Andrew Thorburn, CEO of National Australia Bank (NAB), said the tax will impact millions of everyday Australians including employees, customers and shareholders.

“It is not just a tax on a bank. It is a tax on every Australian who benefits from, and is part of, our industry,” he said.

Those affected include 10 million NAB customers (depositors and borrowers), 570,000 direct NAB shareholders, over 1,700 suppliers to NAB and the 34,000 staff at the major bank, he said.

“A tax cannot be absorbed. This tax is borne by these people. It is not possible to impose a tax without an impact on people, and therefore the wider community.”

“While we wait for further information about how this tax is proposed to work, our focus at NAB remains on supporting our customers during what is a critical time in the Australian economy.”

Brian Hartzer, group CEO of Westpac, said the tax was a hit on bank customers as well as a “stealth tax” on the retirement savings of millions of Australians.

“Yesterday, $14 billion of value was wiped off Australian bank shares because of speculation around this new tax,” he said.

“There is no ‘magic pudding’. The cost of any new tax is ultimately borne by shareholders, borrowers, depositors, and employees.”

The banks were already Australia’s largest taxpayers, he said, with Westpac paying more than 30% of its profits in tax.

“It is disappointing that the Australian Government has implicitly favoured large foreign banks over Australian banks operating in their home market.”

“In addition these reforms are directly counter to APRA’s objective of making the banks unquestionably strong, as higher taxes reduce the banks’ ability to generate capital that supports lending and stability in times of stress.”

ANZ had a more neutral tone when responding to the tax saying “at this stage it is too early to provide a definitive estimate of the financial impact on ANZ”.

An update to the market will be provided once an analysis is complete, ANZ said.

The Commonwealth Bank of Australia (CBA) also took a softer tone with CEO Ian Narev saying time was needed to work through the implications.

“This is particularly so given the lack of detail and the absence of any consultation.
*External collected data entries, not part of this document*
Lemma centry_esym_onD1 B i t a : i \in B ->
  centry (esym_on B) t.+1 a =
  centry (esym_on (B :\ i)) t.+1 a + x i * centry (esym_on (B :\ i)) t a.
Proof.
move=> iB; have [ltta|leat] := ltnP t a.
  rewrite [centry _ t a]/centry ltta mulr0 addr0 /centry.
  by case: ltnP => // _; have -> : (t.+1 - a = 0)%N by lia.
by rewrite !centry_esym_on ?(leq_trans leat) // subSn // (esym_onD1 _ iB).
Qed.

Lemma Delta_mx_mul_bidiag B i w (lam : w.+1.-tuple nat) a c : i \in B ->
  (Delta_mx (esym_on (B :\ i)) lam *m bidiag_mx w (x i)) a c =
  if (c < w)%N then Delta_mx (esym_on B) (raise lam) a c
  else Delta_mx (esym_on (B :\ i)) lam a c.
Proof.
move=> iB; rewrite !mxE; under eq_bigr do rewrite !mxE.
case: ifP => ltcw; last by rewrite (sum_ord_mul_nat_eq _ (ltn_ord c)).
under eq_bigr do rewrite mulrDr mulrCA.
rewrite big_split -mulr_sumr /= (sum_ord_mul_nat_eq _ (ltcw : (c.+1 < w.+1)%N)).
rewrite (sum_ord_mul_nat_eq _ (ltn_ord c)) tnth_map addSn addnS.
by rewrite (centry_esym_onD1 _ _ iB).
Qed.

End ElementarySymmetric.

Section Lagrange.
Variables (K : fieldType) (n : nat) (x : 'I_n -> K).
Hypothesis x_inj : injective x.
Implicit Types (A B : {set 'I_n}) (i : 'I_n).
Local Notation esym_on := (esym_on x).
Local Notation prodXsub := (prodXsub x).

Definition lagrange_den A i : K := \prod_(j in A :\ i) (x i - x j).

Lemma lagrange_den_neq0 A i : lagrange_den A i != 0.
Proof.
apply/prodf_neq0 => j; rewrite !inE => /andP[ji _].
by rewrite subr_eq0 (inj_eq x_inj) eq_sym.
Qed.

Lemma horner_prodXsub B y : (prodXsub B).[y] = \prod_(j in B) (y - x j).
Proof. by rewrite horner_prod; apply: eq_bigr => j _; rewrite hornerXsubC. Qed.

Lemma lagrange_interpolation A (f : {poly K}) : (size f <= #|A|)%N ->
  f = \sum_(i in A) (f.[x i] / lagrange_den A i) *: prodXsub (A :\ i).
Proof.
move=> sf; apply/eqP; rewrite -subr_eq0; set g := _ - _; apply: contraT => gnz.
have sg : (size g <= #|A|)%N.
  apply/leq_sizeP => j hj; rewrite coefB coef_sum (leq_sizeP _ _ sf) // sub0r.
  rewrite big1 ?oppr0 // => i iA; rewrite coefZ coef_prodXsub cardsD1_pred //.
  have A0 : (0 < #|A|)%N by apply/card_gt0P; exists i.
  by rewrite ifN ?mulr0 //; lia.
have uniq_pts : uniq [seq x i | i in A] by rewrite map_inj_uniq ?enum_uniq.
have := max_poly_roots gnz _ uniq_pts; rewrite size_map -cardE ltnNge sg.
apply; apply/allP => _ /imageP[k kA ->].
rewrite /root /g hornerD hornerN horner_sum (bigD1 k) //= big1 => [|i /andP[iA ik]].
  by rewrite addr0 hornerZ horner_prodXsub divfK ?lagrange_den_neq0 // subrr.
rewrite hornerZ horner_prodXsub (bigD1 k) /= ?subrr ?mul0r ?mulr0 //.
by rewrite !inE eq_sym ik.
Qed.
However, as every business owner or employee knows, every extra cost needs to be borne by customers or shareholders, or a combination of both.”

CBA looked forward to the Treasury outlining how this tax will apply in practice, he said.
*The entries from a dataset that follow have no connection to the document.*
(* Let $N, D_1, D_2$ be positive integers. Let $f^{[n]}_{\mathrm{DINOv2}}$ ($n=1,\dots,N$) map images to $\mathbb{R}^{D_1}$ (patch features of a pretrained DINOv2 encoder), let $\mathrm{DiffEnc}^{[n]}$ ($n=1,\dots,N$) map images to $\mathbb{R}^{D_2}$ (the $n$-th patch token of a diffusion model's hidden representation at timestep $t=0$), and let $g_\phi:\mathbb{R}^{D_2}\to\mathbb{R}^{D_1}$ be a projection head. Assume all feature embeddings in the DINOv2 embedding space are $\ell_2$-normalized, i.e. $\|f^{[n]}_{\mathrm{DINOv2}}(u)\|_2 = 1$ and $\|g_\phi(\mathrm{DiffEnc}^{[n]}(u))\|_2=1$ for all images $u$ and all $n$. Let $x\sim p_X$ be a ground-truth image, $\hat x \sim p_{\hat X\mid Y}$ its reconstruction produced by any reconstruction method (with marginal law $p_{\hat X}$), and $\bar x\sim p_{\bar X}$ a proxy approximation of $x$, all random variables on a common probability space. Define $$\mathrm{REPA}(\bar x,\hat x)=\frac1N\sum_{n=1}^N \cos\!\Big(f^{[n]}_{\mathrm{DINOv2}}(\bar x),\, g_\phi\big(\mathrm{DiffEnc}^{[n]}(\hat x)\big)\Big),\qquad \mu_f(u)=\frac1N\sum_{n=1}^N f^{[n]}_{\mathrm{DINOv2}}(u),$$ $$\mathrm{ApproxErr}(x,\bar x)=\frac1N\sum_{n=1}^N\big\|f^{[n]}_{\mathrm{DINOv2}}(x)-f^{[n]}_{\mathrm{DINOv2}}(\bar x)\big\|_2^2,\qquad \mathrm{MisREPA}(u)=\frac1N\sum_{n=1}^N\big\|f^{[n]}_{\mathrm{DINOv2}}(u)-g_\phi\big(\mathrm{DiffEnc}^{[n]}(u)\big)\big\|_2^2,$$ and $\mathrm{MMD}_{\mathrm{DINOv2}}(p_X,p_{\hat X})=\big\|\mathbb{E}_x[\mu_f(x)]-\mathbb{E}_{\hat x}[\mu_f(\hat x)]\big\|_2^2$. Then $$\mathbb{E}_{\hat x,\bar x}\big[\mathrm{REPA}(\bar x,\hat x)\big]\le 1-\frac18\,\mathrm{MMD}_{\mathrm{DINOv2}}(p_X,p_{\hat X})+\frac12\,\mathbb{E}_{x,\bar x}\big[\mathrm{ApproxErr}(x,\bar x)\big]+\frac14\,\mathbb{E}_{\hat x}\big[\mathrm{MisREPA}(\hat x)\big].$$
   Context: $\cos(a,b)=\langle a,b\rangle/(\|a\|_2\|b\|_2)$. Images are elements of a fixed Euclidean space; $f_{\mathrm{DINOv2}}$, $\mathrm{DiffEnc}$, $g_\phi$ are fixed measurable maps, and all expectations are assumed finite (they are, since all features considered are unit vectors or bounded). The expectations are taken under the joint law of $(x,\bar x,\hat x)$. *)

From HB Require Import structures.
From mathcomp Require Import all_boot all_order all_algebra.
From mathcomp Require Import all_classical all_reals all_analysis.
Set Implicit Arguments. Unset Strict Implicit. Unset Printing Implicit Defensive.
Import Order.TTheory GRing.Theory Num.Theory.
Local Open Scope ring_scope.

Definition dotv {R : realType} {D : nat} (a b : 'rV[R]_D) : R :=
  \sum_(i < D) a 0 i * b 0 i.
Definition norm2 {R : realType} {D : nat} (a : 'rV[R]_D) : R :=
  Num.sqrt (dotv a a).
Definition cosv {R : realType} {D : nat} (a b : 'rV[R]_D) : R :=
  dotv a b / (norm2 a * norm2 b).

Definition Ex {d} {Omega : measurableType d} {R : realType}
  (P : probability Omega R) (X : Omega -> R) : R := Rintegral P setT X.

Definition Exv {d} {Omega : measurableType d} {R : realType} {D : nat}
  (P : probability Omega R) (X : Omega -> 'rV[R]_D) : 'rV[R]_D :=
  \row_(i < D) Ex P (fun w => X w 0 i).

Section Quantities.
Context {R : realType} {Img : Type} {N D1 D2 : nat}
  (f : 'I_N -> Img -> 'rV[R]_D1) (Enc : 'I_N -> Img -> 'rV[R]_D2)
  (g : 'rV[R]_D2 -> 'rV[R]_D1).

Definition REPA (xb xh : Img) : R :=
  N%:R^-1 * \sum_(n < N) cosv (f n xb) (g (Enc n xh)).
Definition mu_f (u : Img) : 'rV[R]_D1 :=
  N%:R^-1 *: \sum_(n < N) f n u.
Definition ApproxErr (x xb : Img) : R :=
  N%:R^-1 * \sum_(n < N) norm2 (f n x - f n xb) ^+ 2.
Definition MisREPA (u : Img) : R :=
  N%:R^-1 * \sum_(n < N) norm2 (f n u - g (Enc n u)) ^+ 2.
End Quantities.

Definition MMD_DINOv2 {d} {Omega : measurableType d} {R : realType}
  {Img : Type} {N D1 : nat} (P : probability Omega R)
  (f : 'I_N -> Img -> 'rV[R]_D1) (x xh : Omega -> Img) : R :=
  norm2 (Exv P (fun w => mu_f f (x w)) - Exv P (fun w => mu_f f (xh w))) ^+ 2.

From HB Require Import structures.
From mathcomp Require Import all_boot all_order all_algebra.
From mathcomp Require Import all_classical all_reals all_analysis.
From mathcomp Require Import ring lra measurable_realfun.
Import Order.TTheory GRing.Theory Num.Theory.
Local Open Scope ring_scope.
Local Open Scope classical_set_scope.

(** For unit vectors [a = f(xbar)], [b = g(Enc(xhat))] and any [c = f(xhat)],
    [e = f(x)], split [e - c = (e - a) + (a - b) + (b - c)].  The weighted
    Cauchy-Schwarz bound [|u + v + w|^2 <= 4|u|^2 + 4|v|^2 + 2|w|^2] and
    [|a - b|^2 = 2 - 2<a, b>] give, patch by patch,
    [<a, b> <= 1 - |e - c|^2/8 + |e - a|^2/2 + |c - b|^2/4].  Averaging over
    patches and taking expectations leaves the term [E[ApproxErr(x, xhat)]],
    which dominates the MMD by Jensen's inequality applied twice: the squared
    norm of a mean (over patches, then over the probability space) is at most
    the mean of the squared norms. *)

Section BoundedExpectation.
Context {R : realType} {d : measure_display} {Omega : measurableType d}
  (P : probability Omega R).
“Once we have received all the details on the new tax, we will do our best to strike the right balance to ensure we continue to enhance the financial wellbeing of people, businesses and communities.”

Finally, chief executive of the Australian Bankers’ Association (ABA), Anna Bligh, slammed the tax, saying it was a “direct attack” on jobs and growth which could hurt investment.

“Contrary to the government’s claim that the tax will only be levied on banking liabilities, the reality is that it will affect the entire banking system,” she said.

“This new tax is not a well thought out policy response to a public interest issue, it is a political tax grab to cover a budget black hole.”

She called the tax “naive and misguided” and expressed her disappointment at the lack of consultation with industry around the proposed levy.

“In a period in which there has never been more consultation between government and banks on a wide range of issues, on this issue there has been none.”